Submission + - Canadian voting tech enters American politics (www.cbc.ca)
The secure electronic voting system based on cryptographic principles was conceived at the University of Ottawa about two years ago. The makers claims that Scantegrity's electronic voting technology is designed to provide end-to-end verifiable voter results.
From the article:
"The key problem in automated voter technology is ensuring voter anonymity — by unlinking ballots from citizens' identities — while still providing them a way to check that their ballots have been cast properly.
"Scantegrity gives voters a privacy-preserving receipt," [Essex] says. "It doesn't show other people how you voted, but it does allow you to have a way to check to ensure your vote gets counted."
The concept is similar to hotels that issue confirmation numbers, he says. "You can go online and look up your confirmation number, but it doesn't display your room number."

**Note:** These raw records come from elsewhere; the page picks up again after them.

(* Let $\mathcal{P}$ be a finite poset, $\mathcal{M}_k$ the set of $k$-monotone functions $\mathcal{P}\to\{0,1\}$, and $f\colon\mathcal{P}\to\{0,1\}$. Then $\mathrm{dist}(f,\mathcal{M}_k)=\varepsilon_f$ if and only if the minimum vertex cover of the violation hypergraph of $f$ has size $\varepsilon_f|\mathcal{P}|$.
   Context: $f$ is $k$-monotone if there is no chain $x_1\prec\cdots\prec x_{k+1}$ with $f(x_1)=1$ and $f(x_i)\neq f(x_{i+1})$ for all $i\in[k]$. $\mathrm{dist}(f,\mathcal{M}_k)$ is the minimum over $g\in\mathcal{M}_k$ of the fraction of points of $\mathcal{P}$ where $f\neq g$. The violation hypergraph of $f$ has vertex set $\mathcal{P}$ and a hyperedge $\{x_1,\dots,x_{k+1}\}$ for each chain $x_1\prec\cdots\prec x_{k+1}$ with $f(x_1)=1$ and $f(x_i)\neq f(x_{i+1})$ for all $i\in[k]$. A vertex cover is a set of vertices meeting every hyperedge. *)

From HB Require Import structures.
From mathcomp Require Import all_boot all_order all_algebra.
Set Implicit Arguments. Unset Strict Implicit. Unset Printing Implicit Defensive.
Import Order.TTheory GRing.Theory Num.Theory.

(* A finite poset P is a type T : finPOrderType d.  Functions P -> {0,1} are
   T -> bool (true = 1). *)

Section KMono.
Context {d : Order.disp_t} {T : finPOrderType d}.

(* s = [:: x_1; ...; x_(k+1)] is a violating chain for f:
   x_1 < ... < x_(k+1) (strict order), f x_1 = 1, f x_i <> f x_(i+1). *)
Definition viol_chain (k : nat) (f : T -> bool) (s : seq T) : bool :=
  [&& size s == k.+1,
      sorted (fun x y => (x < y)%O) s,
      head false (map f s) &
      sorted (fun a b => a != b) (map f s)].

Definition k_monotone (k : nat) (f : T -> bool) : bool :=
  [forall s : (k.+1).-tuple T, ~~ viol_chain k f s].

Definition Mk (k : nat) : {set {ffun T -> bool}} :=
  [set g : {ffun T -> bool} | k_monotone k g].

Definition hamming (f g : T -> bool) : nat := #|[set x | f x != g x]|.

Definition dist_Mk (k : nat) (f : T -> bool) : rat :=
  (\big[minn/#|T|]_(g in Mk k) hamming f g)%:R / #|T|%:R.

(* C is a vertex cover of the violation hypergraph of f: it meets every
   hyperedge {x_1,...,x_(k+1)} *)
Definition vertex_cover (k : nat) (f : T -> bool) (C : {set T}) : bool :=
  [forall s : (k.+1).-tuple T, viol_chain k f s ==> has (mem C) s].

(* size of a minimum vertex cover (setT is always a cover) *)
Definition min_vertex_cover (k : nat) (f : T -> bool) : nat :=
  \big[minn/#|T|]_(C : {set T} | vertex_cover k f C) #|C|.

End KMono.

From HB Require Import structures.
From mathcomp Require Import all_boot all_order all_algebra.
Import Order.TTheory GRing.Theory Num.Theory.

Set Implicit Arguments. Unset Strict Implicit. Unset Printing Implicit Defensive.

(* Every g in M_k disagrees with f on a vertex cover of the violation
   hypergraph, since f = g off that set.  Conversely, given a vertex cover C,
   let r(x) be the length of the longest alternating chain (strictly
   increasing, starting at a 1, values of f alternating) that avoids C and
   lies below x.  Such chains have length at most k because C is a cover, r
   is monotone, and maximality of r forces r(x) to have the parity of f(x)
   whenever x is not in C.  Hence g = odd o r agrees with f off C; and it is
   k-monotone, because r increases strictly along a chain on which g
   alternates, so a violating chain for g would push r beyond k. *)

Lemma last_alternating (b0 : bool) (bs : seq bool) :
  path (fun a b => a != b) b0 bs -> last b0 bs = b0 (+) odd (size bs).
Proof.
elim: bs b0 => [|b bs IH] b0 /=; first by rewrite addbF.
by case/andP=> /negPf b0b /IH ->; case: b0 b b0b => [] [] //=; rewrite ?negbK.
Qed.

Section AlternatingChains.
Context {d : Order.disp_t} {T : porderType d}.
Variable f : T -> bool.

Definition alt_chain (s : seq T) : bool :=
  [&& sorted <%O s, head false (map f s) & sorted (fun a b => a != b) (map f s)].

Lemma alt_chain_take n s : 0 < n -> alt_chain s -> alt_chain (take n s).
Proof.
move=> n_gt0 /and3P[lt_s f_head alt_s]; apply/and3P; split.
- by apply: take_sorted lt_s => y x z; apply: lt_trans.
- by case: s n_gt0 f_head {lt_s alt_s} => [|a s]; case: n.
- by move: alt_s; rewrite map_take -{1}(cat_take_drop n (map f s)) => /cat_sorted2[].
Qed.

Lemma alt_chain_rcons a s x : alt_chain (a :: s) ->
  (last a s < x)%O -> f (last a s) != f x -> alt_chain (rcons (a :: s) x).
Proof.
case/and3P=> /= lt_s f_a alt_s lt_x f_x.
by rewrite /alt_chain /= rcons_path lt_s lt_x map_rcons rcons_path alt_s last_map f_a.
Qed.

Lemma f_last_alt_chain a s :
  alt_chain (a :: s) -> f (last a s) = odd (size (a :: s)).
Proof.
case/and3P=> _ /= f_a alt_s.
by rewrite -last_map last_alternating // f_a size_map; case: odd.
Qed.

End AlternatingChains.

Lemma viol_chainE {d} {T : finPOrderType d} k (f : T -> bool) s :
  viol_chain k f s = (size s == k.+1) && alt_chain f s.
Proof. by []. Qed.

Section CoverRepair.
Context {d : Order.disp_t} {T : finPOrderType d}.
Variables (k : nat) (f : T -> bool) (C : {set T}).
Hypothesis coverC : vertex_cover k f C.

Lemma alt_chain_avoiding_cover s : alt_chain f s -> ~~ has (mem C) s -> size s <= k.
Proof.
move=> alt_s; apply: contraR; rewrite -ltnNge => k_lt_s.
have size_t : size (take k.+1 s) == k.+1 by rewrite size_takel.
have := implyP (forallP coverC (Tuple size_t)); rewrite viol_chainE size_t.
move=> /(_ (alt_chain_take (ltn0Sn k) alt_s)) /hasP[y /mem_take y_s y_C].
by apply/hasP; exists y.
Qed.

Definition chain_below (x : T) (s : seq T) : bool :=
  [&& alt_chain f s, ~~ has (mem C) s & all (<= x)%O s].

Definition alt_rank (x : T) : nat :=
  \max_(j < k.+1 | [exists t : j.-tuple T, chain_below x t]) j.

Lemma alt_rank_le x : alt_rank x <= k.
Proof. by apply/bigmax_leqP => j _; rewrite -ltnS. Qed.

Lemma alt_rank_ge x s : chain_below x s -> size s <= alt_rank x.
Proof.
move=> below_s; have /and3P[alt_s C_s _] := below_s.
have s_lt : size s < k.+1 by rewrite ltnS alt_chain_avoiding_cover.
have size_t : size s == Ordinal s_lt by [].
by apply: (bigop.bigmax_sup (Ordinal s_lt)) => //; apply/existsP; exists (Tuple size_t).
Qed.

Lemma alt_rank_witness x :
  0 < alt_rank x -> exists2 s, chain_below x s & size s = alt_rank x.
Proof.
rewrite /alt_rank.
case: (pickP (fun j : 'I_k.+1 => [exists t : j.-tuple T, chain_below x t])).
  2: by move=> no_j; rewrite big_pred0.
move=> j0 Pj0 _; rewrite (bigop.bigmax_eq_arg j0) //.
by case: arg_maxnP => // j /existsP[t below_t] _; exists t; rewrite ?size_tuple.
Qed.

Lemma alt_rank_mono : {homo alt_rank : x y / (x <= y)%O >-> x <= y}.
Proof.
move=> x y le_xy; apply/bigmax_leqP => j /existsP[t /and3P[alt_t C_t below_t]].
rewrite -(size_tuple t); apply: alt_rank_ge; rewrite /chain_below alt_t C_t.
by apply/allP => z /(allP below_t) /le_trans; apply.
Qed.

Lemma odd_alt_rank x : x \notin C -> odd (alt_rank x) = f x.
Proof.
move=> x_notC; have [rank0 | rank_gt0] := posnP (alt_rank x).
  rewrite rank0; apply/esym/negbTE/negP => f_x.
  suff : size [:: x] <= alt_rank x by rewrite rank0.
  by apply: alt_rank_ge; rewrite /chain_below /alt_chain /= f_x lexx orbF x_notC.
have [[|a s] below_s size_s] := alt_rank_witness rank_gt0; first by rewrite -size_s.
case/and3P: (below_s) => alt_s C_s le_s; rewrite -size_s -(f_last_alt_chain alt_s).
apply/eqP; apply: contraT => f_last.
have le_last : (last a s <= x)%O := allP le_s _ (mem_last a s).
have lt_last : (last a s < x)%O.
  by rewrite lt_neqAle le_last andbT; apply: contraNneq f_last => ->.
suff : size (rcons (a :: s) x) <= alt_rank x by rewrite size_rcons size_s ltnn.
apply: alt_rank_ge; rewrite /chain_below alt_chain_rcons //.
by rewrite -cats1 has_cat all_cat negb_or C_s le_s /= lexx orbF x_notC.
Qed.

Definition cover_repair : {ffun T -> bool} := [ffun x => odd (alt_rank x)].

Lemma alt_rank_alternating_path x s :
  path <%O x s -> path (fun a b => a != b) (cover_repair x) (map cover_repair s) ->
  alt_rank x + size s <= alt_rank (last x s).
Proof.
elim: s x => [|y s IH] x /=; first by rewrite addn0.
case/andP=> lt_xy lt_s /andP[neq_xy alt_s]; apply: leq_trans (IH y lt_s alt_s).
rewrite addnS -addSn leq_add2r ltn_neqAle alt_rank_mono ?ltW // andbT.
by apply: contra neq_xy; rewrite !ffunE => /eqP ->.
Qed.

Lemma cover_repair_Mk : cover_repair \in Mk k.
Proof.
rewrite inE; apply/forallP => t; rewrite viol_chainE.
apply/negP => /andP[/eqP]; case: (tval t) => [|a s] //= [size_s].
case/and3P=> /= lt_s g_a alt_s.
have rank_a : 0 < alt_rank a by move: g_a; rewrite ffunE; case: alt_rank.
have := leq_trans (leq_add rank_a (leqnn _)) (alt_rank_alternating_path lt_s alt_s).
by rewrite size_s add1n ltnNge alt_rank_le.
Qed.

Lemma hamming_cover_repair : hamming f cover_repair <= #|C|.
Proof.
apply/subset_leq_card/subsetP => x; rewrite inE ffunE.
by apply: contraR => /odd_alt_rank ->; rewrite eqxx.
Qed.

End CoverRepair.

Section MinimumDistance.
Context {d : Order.disp_t} {T : finPOrderType d}.
Variables (k : nat) (f : T -> bool).

Lemma disagreement_vertex_cover g :
  g \in Mk k -> vertex_cover k f [set x | f x != g x].
Proof.
rewrite inE => /forallP g_mono; apply/forallP => t; apply/implyP => viol_t.
apply: contraR (g_mono t) => /hasPn agree.
suff agree_map : map g t = map f t by rewrite /viol_chain agree_map.
by apply/eq_in_map => x /agree; rewrite !inE negbK => /eqP.
Qed.

Lemma min_hamming_Mk :
  \big[minn/#|T|]_(g in Mk k) hamming f g = min_vertex_cover k f.
Proof.
apply/eqP; rewrite eqn_leq; apply/andP; split.
- apply: (le_bigmin (T:=nat)); first exact: (bigmin_le_id (T:=nat)).
  move=> C coverC; apply: leq_trans (hamming_cover_repair coverC).
  exact: (bigmin_le_cond (T:=nat) _ _ (cover_repair_Mk coverC)).
- apply: (le_bigmin (T:=nat)); first exact: (bigmin_le_id (T:=nat)).
  move=> g /disagreement_vertex_cover cover_g.
  exact: (bigmin_le_cond (T:=nat) _ _ cover_g).
Qed.

End MinimumDistance.

Local Open Scope ring_scope.

Theorem lemmaB9 (d : Order.disp_t) (T : finPOrderType d) (k : nat)
    (f : T -> bool) (eps : rat) (hP : (0 < #|T|)%N) :
  dist_Mk k f = eps <-> (min_vertex_cover k f)%:R = eps * #|T|%:R.
Proof.
have card_neq0 : (#|T|%:R : rat) != 0 by rewrite pnatr_eq0 -lt0n.
rewrite /dist_Mk min_hamming_Mk; split=> [<- | ->].
- by rewrite divfK.
- by rewrite mulfK.
Qed.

Another key security feature Scantegrity provides is software independence, Essex says. "This means if an error is made in the software, that mistake can't go through the process undetected. There's a software tool that does a cryptographic self-audit to verify computations."
Scantegrity is designed as an add-on to existing optical scanning voting systems such as Diebold, he says. But the difference is that mathematical formulas are used to generate the randomized confirmation codes issued to voters, and cryptographic principles are used in the software to tabulate and verify the results.